CHICAGO -- Freddie Freeman had just gotten back into a game for the first time on Friday night when he nearly got hurt again.

After missing the final game before the All-Star break plus sitting out the All-Star Game because of a jammed left thumb, Freeman didn't start in Friday night's 6-4 win against the White Sox. He entered the game in the eighth inning as a defensive replacement for Joey Terdoslavich and wound up in a collision with 6-foot-6, 285-pound Adam Dunn on a close play at first for the inning's second out.

"It was just one of those plays," Freeman said. "I'm right in the baseline, so I knew I was going to probably be getting hit, but I just had to make that pick. I'll take the brunt of [the blame for] it."

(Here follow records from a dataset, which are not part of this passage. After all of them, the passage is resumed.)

(* In the setting below, with $\mu=\alpha_1+\alpha_2+2\alpha_3+2\alpha_4+\alpha_5+\alpha_6$ and $\tau\mu=\alpha_1+\alpha_2+\alpha_3+2\alpha_4+2\alpha_5+\alpha_6$, the vector $$P=(-2\alpha_1-\alpha_3+\alpha_5+2\alpha_6)(-1)\otimes e^{\mu}+(2\alpha_1+\alpha_3-\alpha_5-2\alpha_6)(-1)\otimes e^{\tau\mu}+3\otimes e^{\mu+\alpha_1-\alpha_6}+3\otimes e^{\tau\mu-\alpha_1+\alpha_6}\in V^{\Lambda_0}$$ is a highest weight vector of type $Vir(\tfrac45,\tfrac75)\otimes W^{\Omega_4}$, i.e. it satisfies (HW1)–(HW5) with $h=7/5$ and $\omega_j=\omega_4$.
   Context: Setting. $Q$ is the $E_6$ root lattice with simple roots $\alpha_1,\dots,\alpha_6$ (Dynkin chain $\alpha_1-\alpha_3-\alpha_4-\alpha_5-\alpha_6$, $\alpha_2$ attached to $\alpha_4$), form from the Cartan matrix, fundamental weights $\lambda_i$, $P_{\rm wt}=\bigoplus\mathbb Z\lambda_i$, $\mathfrak h=\mathbb C\otimes P_{\rm wt}$. $\varepsilon$ is bimultiplicative on $P_{\rm wt}$ with $[\varepsilon(\lambda_i,\lambda_j)]$ rows $(1,1,1,1,1,1)$, $(-1,1,1,1,1,-1)$, $(-1,1,1,1,1,1)$, $(1,-1,1,1,1,1)$, $(1,1,1,1,1,-1)$, $(1,1,1,1,1,1)$. $V_{P_{\rm wt}}=S(\hat{\mathfrak h}^-)\otimes\mathbb C[P_{\rm wt}]$ with Heisenberg operators $h(n)$ ($[h(m),h'(n)]=m\langle h,h'\rangle\delta_{m+n,0}$, $h(n)1=0$ for $n>0$, $h(0)(u\otimes e^\beta)=\langle h,\beta\rangle u\otimes e^\beta$). For $\alpha\in Q$: $Y(1\otimes e^\alpha,z)=\exp(\sum_{k\ge1}\frac{\alpha(-k)}kz^k)\exp(-\sum_{k\ge1}\frac{\alpha(k)}kz^{-k})e_\alpha z^{\alpha(0)}=\sum_n\{1\otimes e^\alpha\}_nz^{-n-1}$, $e_\alpha(u\otimes e^\beta)=\varepsilon(\alpha,\beta)u\otimes e^{\alpha+\beta}$, $z^{\alpha(0)}(u\otimes e^\beta)=z^{\langle\alpha,\beta\rangle}u\otimes e^\beta$; $Y(h_1(-1)\cdots h_k(-1)\otimes e^\alpha,z)=\,:h_1(z)\cdots h_k(z)Y(1\otimes e^\alpha,z):$, $h(z)=\sum_nh(n)z^{-n-1}$. $V^{\Lambda_0}=S(\hat{\mathfrak h}^-)\otimes\mathbb C[Q]$. $\tau$: $\alpha_1\leftrightarrow\alpha_6$, $\alpha_3\leftrightarrow\alpha_5$; $\mathrm{Proj}(\nu)=(\nu+\tau\nu)/2$. $\theta=\alpha_1+2\alpha_2+2\alpha_3+3\alpha_4+2\alpha_5+\alpha_6$. Raising operators of $\tilde{\mathfrak a}$ ($F_4^{(1)}$): $\{\beta_1\}_0=\{1\otimes e^{\alpha_2}\}_0$, $\{\beta_2\}_0=\{1\otimes e^{\alpha_4}\}_0$, $\{\beta_3\}_0=\{1\otimes e^{\alpha_3}\}_0+\{1\otimes e^{\alpha_5}\}_0$, $\{\beta_4\}_0=\{1\otimes e^{\alpha_1}\}_0+\{1\otimes e^{\alpha_6}\}_0$, $\{1\otimes e^{-\theta}\}_1$. Coset conformal vector $\omega=\frac1{10}[(-\lambda_1+\lambda_6)(-1)^2+(\lambda_3-\lambda_5)(-1)^2+(\lambda_1-\lambda_3+\lambda_5-\lambda_6)(-1)^2]\otimes e^0+\frac15(-1\otimes e^{\pm\gamma_1}-1\otimes e^{\pm\gamma_2}+1\otimes e^{\pm\gamma_3})$, $\gamma_1=\alpha_1-\alpha_6$, $\gamma_2=\alpha_3-\alpha_5$, $\gamma_3=\gamma_1+\gamma_2$, $1\otimes e^{\pm\gamma}:=1\otimes e^\gamma+1\otimes e^{-\gamma}$; $L(n)=\{\omega\}_{n+1}$ (Virasoro, $c=4/5$, commuting with $\tilde{\mathfrak a}$). $\omega_4=\frac{\lambda_1+\lambda_6}2$, $\Omega_4$ the level one $F_4^{(1)}$ weight with finite part $\omega_4$, $W^{\Omega_4}$ its irreducible module. A nonzero $v$ is a highest weight vector of type $Vir(\frac45,h)\otimes W^{\Omega_j}$ if (HW1) $\{1\otimes e^{-\theta}\}_1v=0$; (HW2) $\{\beta_i\}_0v=0$, $i=1,\dots,4$; (HW3) $L(1)v=L(2)v=0$; (HW4) $L(0)v=hv$; (HW5) $v\in\bigoplus_kS(\hat{\mathfrak h}^-)\otimes e^{\nu_k}$ with $\mathrm{Proj}(\nu_k)=\omega_j$. (The lattice is written $P_{\rm wt}$ here to avoid a clash with the vector named $P$.) *)

(* Concrete model of the lattice vertex operator (super)algebra
   V_{P_wt} = S(hhat^-) (x) C[P_wt] for E_6, sufficient to state Lemma 6.3.
   Everything is defined over an arbitrary field F (structure constants are
   rational); the theorem is stated for F = algC (the complex algebraic numbers,
   the library's model of C). *)
From HB Require Import structures.
From mathcomp Require Import all_boot all_order all_algebra.
From mathcomp Require Import algC.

He also appeared to take Dunn's knee in his back during the collision, which sent Freeman and Dunn tumbling to the ground after the out was recorded. The initial fear was about his jammed thumb, but Freeman -- who started at first on Saturday afternoon -- said he's fine. He didn't even check it afterward.

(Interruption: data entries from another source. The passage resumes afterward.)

Lemma lsum_plus {A} (l : list A) h1 h2 : lsum l (fun x => h1 x + h2 x) = lsum l h1 + lsum l h2.
Proof. induction l as [|x l IH]; simpl; [lra|]. unfold lsum in *; simpl; rewrite IH; lra. Qed.

Lemma lsum_scal {A} (l : list A) c h : lsum l (fun x => c * h x) = c * lsum l h.
Proof. induction l as [|x l IH]; simpl; [lra|]. unfold lsum in *; simpl; rewrite IH; lra. Qed.

Lemma lsum_const {A} (l : list A) c : lsum l (fun _ => c) = INR (length l) * c.
Proof.
  induction l as [|x l IH]; [simpl; lra|].
  unfold lsum in *; cbn [length fold_right]; rewrite IH, S_INR; lra.
Qed.

Lemma lsum_swap {A B} (l1 : list A) (l2 : list B) h :
  lsum l1 (fun x => lsum l2 (fun y => h x y)) = lsum l2 (fun y => lsum l1 (fun x => h x y)).
Proof.
  induction l1 as [|x l1 IH]; simpl.
  - induction l2 as [|y l2 IH2]; simpl; [reflexivity|]. unfold lsum in *; simpl; rewrite <- IH2; lra.
  - unfold lsum at 1; simpl. fold (lsum l1 (fun x => lsum l2 (fun y => h x y))).
    rewrite IH, lsum_plus. reflexivity.
Qed.

Lemma lsum_seq_S m (f : nat -> R) :
  lsum (seq 0 (S m)) f = f O + lsum (seq 0 m) (fun j => f (S j)).
Proof.
  rewrite <- cons_seq, <- seq_shift. unfold lsum at 1; simpl.
  fold (lsum (map S (seq 0 m)) f). rewrite lsum_map. reflexivity.
Qed.

Fixpoint sumR (n : nat) (f : nat -> R) : R :=
  match n with O => 0 | S m => sumR m f + f m end.

Lemma lsum_seq_sumR n f : lsum (seq 0 n) f = sumR n f.
Proof.
  induction n as [|n IH]; [reflexivity|]. rewrite seq_S, lsum_app, IH. cbn [sumR].
  unfold lsum; simpl. lra.
Qed.

Lemma sumR_le n f g : (forall v, (v < n)%nat -> f v <= g v) -> sumR n f <= sumR n g.
Proof.
  induction n as [|n IH]; intros H; simpl; [lra|].
  assert (f n <= g n) by (apply H; lia).
  assert (sumR n f <= sumR n g) by (apply IH; intros; apply H; lia).
  lra.
Qed.

Lemma sumR_ext n f g : (forall v, (v < n)%nat -> f v = g v) -> sumR n f = sumR n g.
Proof. intros H. apply Rle_antisym; apply sumR_le; intros v Hv; rewrite H by auto; lra. Qed.

Lemma sumR_lt n f g i : (i < n)%nat -> (forall v, (v < n)%nat -> f v <= g v) ->
  f i < g i -> sumR n f < sumR n g.
Proof.
  induction n as [|n IH]; intros Hi H Hlt; [lia|]. simpl.
  assert (sumR n f <= sumR n g) by (apply sumR_le; intros; apply H; lia).
  assert (f n <= g n) by (apply H; lia).
  destruct (Nat.eq_dec i n) as [->|Hne]; [lra|].
  assert (sumR n f < sumR n g) by (apply IH; auto; lia). lra.
Qed.

Lemma sumR_point n f g i : (i < n)%nat -> (forall v, v <> i -> f v = g v) ->
  sumR n f = sumR n g + (f i - g i).
Proof.
  induction n as [|n IH]; intros Hi H; [lia|]. simpl.
  destruct (Nat.eq_dec i n) as [->|Hne].
  - rewrite (sumR_ext n f g); [lra|]. intros; apply H; lia.
  - rewrite IH by (auto; lia). rewrite (H n) by auto. lra.
Qed.

Lemma sumR_plus n f g : sumR n (fun v => f v + g v) = sumR n f + sumR n g.
Proof. induction n as [|n IH]; simpl; [lra|]. rewrite IH; lra. Qed.

Lemma sumR_const n c : sumR n (fun _ => c) = INR n * c.
Proof. induction n as [|n IH]; [simpl; lra|]. cbn [sumR]; rewrite IH, S_INR; lra. Qed.

(** * Syntax trees and their leaf lists *)

Lemma nleaves_len t : nleaves t = length (leaves t).
Proof. induction t; simpl; auto. rewrite length_app; lia. Qed.

Lemma nleaves_pos t : (1 <= nleaves t)%nat.
Proof. induction t; simpl; lia. Qed.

"Nope, if I'm out there, I'm not even going to think about it," Freeman said. "That's where I'm at right now. I feel great. It's not 100 percent and I don't think it's going to be 100 percent, but it's good enough to play through it."

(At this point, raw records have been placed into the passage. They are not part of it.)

Lemma not_hereditarily_oscillating r s M :
  r < s -> infinite M -> ~ hereditarily_oscillating X y r s (dual_ball X) M.
Proof.
  intros Hrs HM HH. apply HX. destruct (independent_subsequence X y r s M HM HH) as [ms Hms].
  apply (l1_of_independent X (fun k => y (ms (S k))) r s Hrs); auto.
  intros sg n. destruct (Hms sg n) as [f Hf]. exists f. exact (pattern_class_spec X y r s ms sg n f Hf).
Qed.

Lemma kill_oscillation r s H : r < s -> infinite H ->
  exists N, infinite N /\ (forall n, N n -> H n) /\
    forall f, dual_ball X f -> ~ oscillates X y r s f N.
Proof.
  intros Hrs HH. pose proof (not_hereditarily_oscillating r s H Hrs HH) as Hn.
  apply not_all_ex_not in Hn. destruct Hn as [N Hn].
  apply imply_to_and in Hn. destruct Hn as [HN Hn].
  apply imply_to_and in Hn. destruct Hn as [HNH Hn].
  exists N. split; auto. split; auto.
  intros f Hf Ho. apply Hn. eauto.
Qed.

Lemma kill_oscillations (ps : list (R * R)) : (forall p, In p ps -> fst p < snd p) ->
  forall H, infinite H -> exists N, infinite N /\ (forall n, N n -> H n) /\
    forall p, In p ps -> forall f, dual_ball X f -> ~ oscillates X y (fst p) (snd p) f N.
Proof.
  induction ps as [|p ps IH]; intros Hps H HH.
  - exists H. split; [auto|]. split; [auto|]. intros p [].
  - destruct (IH (fun q Hq => Hps q (or_intror Hq)) H HH) as [N1 [HN1 [HN1H HN1o]]].
    destruct (kill_oscillation (fst p) (snd p) N1 (Hps p (or_introl eq_refl)) HN1)
      as [N2 [HN2 [HN2H HN2o]]].
    exists N2. split; auto. split; [intros n Hn; auto|].
    intros q [<-|Hq] f Hf Ho; [apply (HN2o f Hf Ho)|].
    apply (HN1o q Hq f Hf). apply (oscillates_sub X y _ _ f N1 N2); auto.
Qed.

End Rosenthal.

Definition grid (n t : nat) : R := INR t / INR (S n) - 2.
Definition grid_pairs (n : nat) : list (R * R) :=
  map (fun t => (grid n t, grid n (S t))) (seq 0 (3 * S n + 2)).

Lemma grid_lt n t : grid n t < grid n (S t).
Proof.
  unfold grid. pose proof (lt_0_INR (S n) ltac:(lia)).
  apply Rplus_lt_compat_r. unfold Rdiv. apply Rmult_lt_compat_r; [apply Rinv_0_lt_compat; lra|].
  apply lt_INR. lia.
Qed.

Considering nobody got hurt on the play, the 6-foot-5, 225-pound Freeman was able to joke about it a day later.

"Of course [it happened on] the first play … but we're all good," he said. "I look in the dugout and I see Bubba [athletic trainer Jeff Porter] and just his face is like a ghost went across his face, like, 'Of course that would happen,' but Adam's OK. I made sure he was fine, because you know he's going to take the brunt of it -- because I'm so big. He's a huge man. He just asked if I was all right and I asked if he was OK, because he fell, too."

Brian Hedger is a contributor to MLB.com.